Hi Hannes, sql>select "column","sorted" from storage() where "table"='grch36'; +------------------+--------+ | column | sorted | +==================+========+ | site | false | | base | false | | grch36_site_pkey | true | +------------------+--------+ Apparently it is not recognized. Here is what the first lines of the CSV file look like: 1|N 2|N 3|N 4|N 5|N 6|N 7|N 8|N 9|N 10|N 11|N 12|N 13|N 14|N ... Sebastian On 08.08.2013 12:49, Hannes Mühleisen wrote:
Hello Sebastian,
On 08/08/2013 12:46 PM, Sebastian Dorok wrote:
I have some slow queries that I want to accelerate by utilizing information about sorting.
My table definition: create table genomics.grch36 (site bigint, base char(1)); I use COPY INTO to populate the table.

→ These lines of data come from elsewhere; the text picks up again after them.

Lemma kervalP (x : kerT) : f (val x) = 0.
Proof. exact/eqP/(valP x). Qed.

Lemma lin_kerval : lin kerval.
Proof. by []. Qed.

Lemma ker_mem x : f x = 0 -> x \in kerp f_lin.
Proof. by move/eqP. Qed.

Definition to_ker (W : Type) (g : W -> U) (gK : forall w, f (g w) = 0) (w : W) : kerT :=
  KerT (ker_mem (gK w)).

Lemma lin_to_ker (W : lmodType A) (g : W -> U) (gK : forall w, f (g w) = 0) :
  lin g -> lin (to_ker gK).
Proof. by move=> [gD gZ]; split=> [x y|a x]; apply: val_inj; rewrite /= ?gD ?gZ. Qed.

Lemma exact_at_val (W : lmodType A) (d : W -> kerT) :
  surj d <-> exact_at (fun w => val (d w)) f.
Proof.
split=> [d_surj v|d_ex x].
  split=> [/ker_mem vK|[w <-]]; last exact: kervalP.
  by have [w dw] := d_surj (KerT vK); exists w; rewrite dw.
by have [w dw] := (d_ex (val x)).1 (kervalP x); exists w; apply: val_inj.
Qed.

Lemma kerval_eq0 (x : kerT) : val x = 0 <-> x = 0.
Proof. by split=> [x0|->] //; apply: val_inj. Qed.

Lemma exact_at_valr (W Z : lmodType A) (d' : Z -> W) (d : W -> kerT) :
  exact_at d' (fun w => val (d w)) <-> exact_at d' d.
Proof.
split=> ex w; first exact: iff_trans (iff_sym (kerval_eq0 _)) (ex w).
exact: iff_trans (kerval_eq0 _) (ex w).
Qed.

End Kernel.

Section FreeModules.
Variable A : pzRingType.

Definition comb (V : lmodType A) k (c : 'I_k -> V) (z : 'rV[A]_k) : V :=
  \sum_(j < k) z 0 j *: c j.

Lemma lin_comb (V : lmodType A) k (c : 'I_k -> V) : lin (comb c).
Proof.
split=> [x y|a x]; rewrite /comb.
  by rewrite -big_split; apply: eq_bigr => j _; rewrite mxE scalerDl.
by rewrite scaler_sumr; apply: eq_bigr => j _; rewrite mxE scalerA.
Qed.

Lemma slin_comb (B : pzRingType) (sigma : A -> B) (U : lmodType A) (V : lmodType B)
    (f : U -> V) k (c : 'I_k -> U) z :
  slin sigma f -> f (comb c z) = \sum_(j < k) sigma (z 0 j) *: f (c j).
Proof.
by move=> f_slin; rewrite (slin_sum f_slin); apply: eq_bigr => j _; rewrite f_slin.2.
Qed.

Lemma lin_combE (V : lmodType A) k (f : 'rV[A]_k -> V) :
  lin f -> f =1 comb (fun j => f 'e_j).
Proof.
move=> f_lin z; rewrite {1}(row_sum_delta z) (slin_sum f_lin).
by apply: eq_bigr => j _; rewrite f_lin.2.
Qed.

Lemma rV_lift (U V : lmodType A) k (g : U -> V) (psi : 'rV[A]_k -> V) :
  lin g -> surj g -> lin psi -> exists chi, lin chi /\ forall v, g (chi v) = psi v.
Proof.
move=> g_lin g_surj psi_lin.
have [c gc] := fin_all_exists (fun j : 'I_k => g_surj (psi 'e_j)).
exists (comb c); split=> [|v]; first exact: lin_comb.
by rewrite (slin_comb _ _ g_lin) (lin_combE psi_lin); apply: eq_bigr => j _; rewrite gc.
Qed.

End FreeModules.

Definition dcons (X : nat -> Type) (x0 : X 0%N) (x : forall i, X i.+1) i : X i :=
  if i is j.+1 then x j else x0.

Lemma FP_kerP (A : pzRingType) n (M : lmodType A) :
  FP n M <-> exists c (e : 'rV[A]_c -> M) (e_lin : lin e),
    surj e /\ ((0 < n)%N -> FP n.-1 (kerT e_lin)).
Proof.
split.
  move=> [k [d0 [d [d0_lin d_lin d0_surj ex0 exS]]]].
  exists (k 0%N), d0, d0_lin; split=> // n_gt0.
  case: n n_gt0 d_lin ex0 exS => // n _ d_lin ex0 exS.
  have d0d w : d0 (d 0%N w) = 0 by apply/(ex0 isT); exists w.
  exists (fun i => k i.+1), (to_ker d0_lin d0d), (fun i => d i.+1); split.
  - exact/lin_to_ker/d_lin.
  - by move=> i lt_in; apply: d_lin.
  - by apply/exact_at_val; apply: ex0.
  - by move=> n_gt0; apply/exact_at_valr; apply: exS.
  - by move=> i lt_in; apply: exS.
move=> [c [e [e_lin [e_surj eK]]]].
case: n eK => [_|n /(_ isT) [k [d0 [d [d0_lin d_lin d0_surj ex0 exS]]]]].
  by exists (fun=> c), e, (fun _ _ => 0).
exists (dcons c k), e.
exists (@dcons (fun i => 'rV[A]_(dcons c k i.+1) -> 'rV[A]_(dcons c k i)) (val \o d0) d).
split=> // [[|i] lt_in|_|[|i] lt_in] /=.
- exact: lin_comp (lin_kerval _) d0_lin.
- exact: d_lin.
- exact/exact_at_val.
- exact/exact_at_valr/ex0.
- exact: exS.
Qed.

Definition direct_sum_free (A : pzRingType) (K N : lmodType A) b
    (phi : K -> N) (sigma : 'rV[A]_b -> N) : Prop :=
  [/\ lin phi, lin sigma,
      forall x y, phi x + sigma y = 0 -> x = 0 /\ y = 0
    & forall v, exists x y, phi x + sigma y = v].

Section DirectSumFree.
Variables (A : pzRingType) (K N : lmodType A) (b c : nat).
Variables (phi : K -> N) (sigma : 'rV[A]_b -> N) (e : 'rV[A]_c -> K).
Hypotheses (phi_sigma : direct_sum_free phi sigma) (e_lin : lin e) (e_surj : surj e).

The source file size is 40GB and contains more than 3 billion rows. I can guarantee that the data in file is ordered by site.
I query the data like this:
sql>select base from genomics.grch36 where site between 10000 and 10010; +------+ | base | +======+ | N | | T | | A | | A | | C | | C | | C | | T | | A | | A | | C | +------+ 11 tuples (5m 23s)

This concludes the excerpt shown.